The pharmacokinetics of the alpha-blocking agent urapidil have been elucidated only in subjects with normal renal function. In the present study, BKU-15 (sustained-release capsules containing 15mg of urapidil) was administered for 7 consecutive days to 7 hypertensive patients with mild to moderate impairment of renal function. Treated were 3 males and 4 females between the ages of 24 to 74 years, and the dosing regimen was BKU-15 s. i. d. at 8: 00 a. m. on days 1 and 7, and b. i. d. at 8: 00 a. m. and 5: 00 p.m. on days 2 to 6.
The minimum plasma concentration of urapidil determined at 8: 00 a. m. stabilized by day 5, measuring 74.0±19.8ng/ml on day 7. The pharmacokinetic parameters calculated after administration on day 7 were as follows: Cmax 205.5±31.0ng/ml; Tmax 4.3±0.3hrs; kel 0.1±0.02/hr; t1/2 8.4±1.5hrs. The absorption rate constant, minimum plasma concentration, and Cmax of urapidil were comparable to the corresponding values in healthy subjects given a 2-fold dose (Ebihara et al.), whereas elimination was delayed by a factor of two.

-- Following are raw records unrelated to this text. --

Lemma bsum0 : bs 0 = 0.
Proof. by rewrite /bsum big_pred0. Qed.

Lemma bsumS (k : 'I_t.+1) : bs k.+1 = bs k + (b k)%:R.
Proof. by rewrite /bsum -natrD sumr_ord_ltS. Qed.

Lemma bsum_ge0 k : 0 <= bs k.
Proof. exact: ler0n. Qed.

Lemma bsum_le j k : (j <= k)%N -> bs j <= bs k.
Proof.
move=> jk; rewrite ler_nat !(big_mkcond (fun i : 'I_t.+1 => (i < _)%N)) /=.
by apply: leq_sum => i _; case: ifP => [ij|//]; rewrite (leq_trans ij jk).
Qed.

Lemma bsum_ltS (k : 'I_t.+1) : bs k < bs k.+1.
Proof. by rewrite bsumS ltrDl ltr0n. Qed.

Lemma bsumD1_le j k : (j < k)%N -> (k <= t.+1)%N -> bs j + 1 <= bs k.
Proof.
move=> jk kt; have jt : (j < t.+1)%N := leq_trans jk kt.
have := bsum_le jk; rewrite (bsumS (Ordinal jt)) /=.
have : 1 <= (b (Ordinal jt))%:R :> R by rewrite ler1n.
lra.
Qed.

Lemma bsum_last_gt0 : 0 < B.
Proof. by have := bsumD1_le (ltn0Sn t) (leqnn _); rewrite bsum0; lra. Qed.

Lemma Gamma_v_slope f (i : 'I_t.+1) :
  Gamma_v b f ord0 i = - slope f (bs i) (bs i.+1).
Proof. by rewrite mxE /slope bsumS [bs i + _]addrC addrK mulNr. Qed.

Lemma Gamma_v_weight f (i : 'I_t.+1) :
  (b i)%:R * Gamma_v b f ord0 i = f (bs i) - f (bs i.+1).
Proof. by rewrite mxE mulrC divfK ?pnatr_eq0 -?lt0n ?hb // opprB. Qed.

Lemma Cbar_Gamma_v f : concave_on 0 B f -> Cbar (Gamma_v b f).
Proof.
move=> fc i j; rewrite leq_eqVlt => /orP[/eqP/val_inj -> // | ij].
rewrite !Gamma_v_slope lerN2; apply: (concave_slope_antitone fc).
- exact: bsum_ge0.
- exact: bsum_ltS.
- exact: bsum_le.
- exact: bsum_ltS.
- exact: bsum_le.
Qed.

Variable v : 'rV[R]_t.+1.
Local Notation ws := (wpt b v).
Local Notation S := (\sum_(k < t.+1) `|v ord0 k|).

Lemma wpt0 : ws 0 = 0.
Proof. by rewrite /wpt big_pred0 ?oppr0. Qed.

Lemma wptS (k : 'I_t.+1) : ws k.+1 = ws k - (b k)%:R * v ord0 k.
Proof. by rewrite /wpt sumr_ord_ltS opprD. Qed.

Lemma majorizes_graph_nodes g :
  majorizes_graph b v g -> forall k, (k <= t.+1)%N -> ws k <= g (bs k).
Proof.
move=> gm k; rewrite leq_eqVlt => /orP[/eqP -> | kt]; last first.
  have := gm (Ordinal kt) (bs k) (lexx _) (ltW (bsum_ltS (Ordinal kt))).
  by rewrite subrr !mul0r addr0.
have unit_step : (bs t.+1 - bs t) / (b ord_max)%:R = 1.
  have := bsumS (@ord_max t); rewrite /= => ->.
  by rewrite [bs t + _]addrC addrK divff // pnatr_eq0 -lt0n hb.
have := gm ord_max (bs t.+1) (ltW (bsum_ltS ord_max)) (lexx _).
by rewrite /= unit_step mul1r addrC subrK.
Qed.

Lemma majorizes_graph_affine al be :
  (forall k, (k <= t.+1)%N -> ws k <= al + be * bs k) ->
  majorizes_graph b v (fun x => al + be * x).
Proof.
move=> nodes k x kx xk.
have bk0 : 0 < (b k)%:R :> R by rewrite ltr0n.
set l := (x - bs k) / (b k)%:R.
have lb : l * (b k)%:R = x - bs k by rewrite divfK ?gt_eqF.
have l_ge0 : 0 <= l by rewrite divr_ge0 ?subr_ge0 // ltW.
have l_le1 : l <= 1 by rewrite ler_pdivrMr // mul1r; rewrite bsumS in xk; lra.
have left_node := nodes k (ltnW (ltn_ord k)).
have := nodes k.+1 (ltn_ord k); rewrite bsumS => right_node.
have l1_ge0 : 0 <= 1 - l by rewrite subr_ge0.
have := ler_wpM2l l1_ge0 left_node.
have := ler_wpM2l l_ge0 right_node.
have : be * (l * (b k)%:R) = be * (x - bs k) by rewrite lb.
lra.
Qed.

A decrease in blood pressure was observed at 2 to 10 hours after administration of BKU-15. There was no significant change in heart rate. Two patients complained of hot flushes and throbbing in the temporal region, which might be related to the pharmacological effects of the drug. Severe nausea was noted in another patient.
It is thus considered that BKU-15 b. i. d, may be adequate as the initial dosage in treating hypertensive patients with impaired renal function.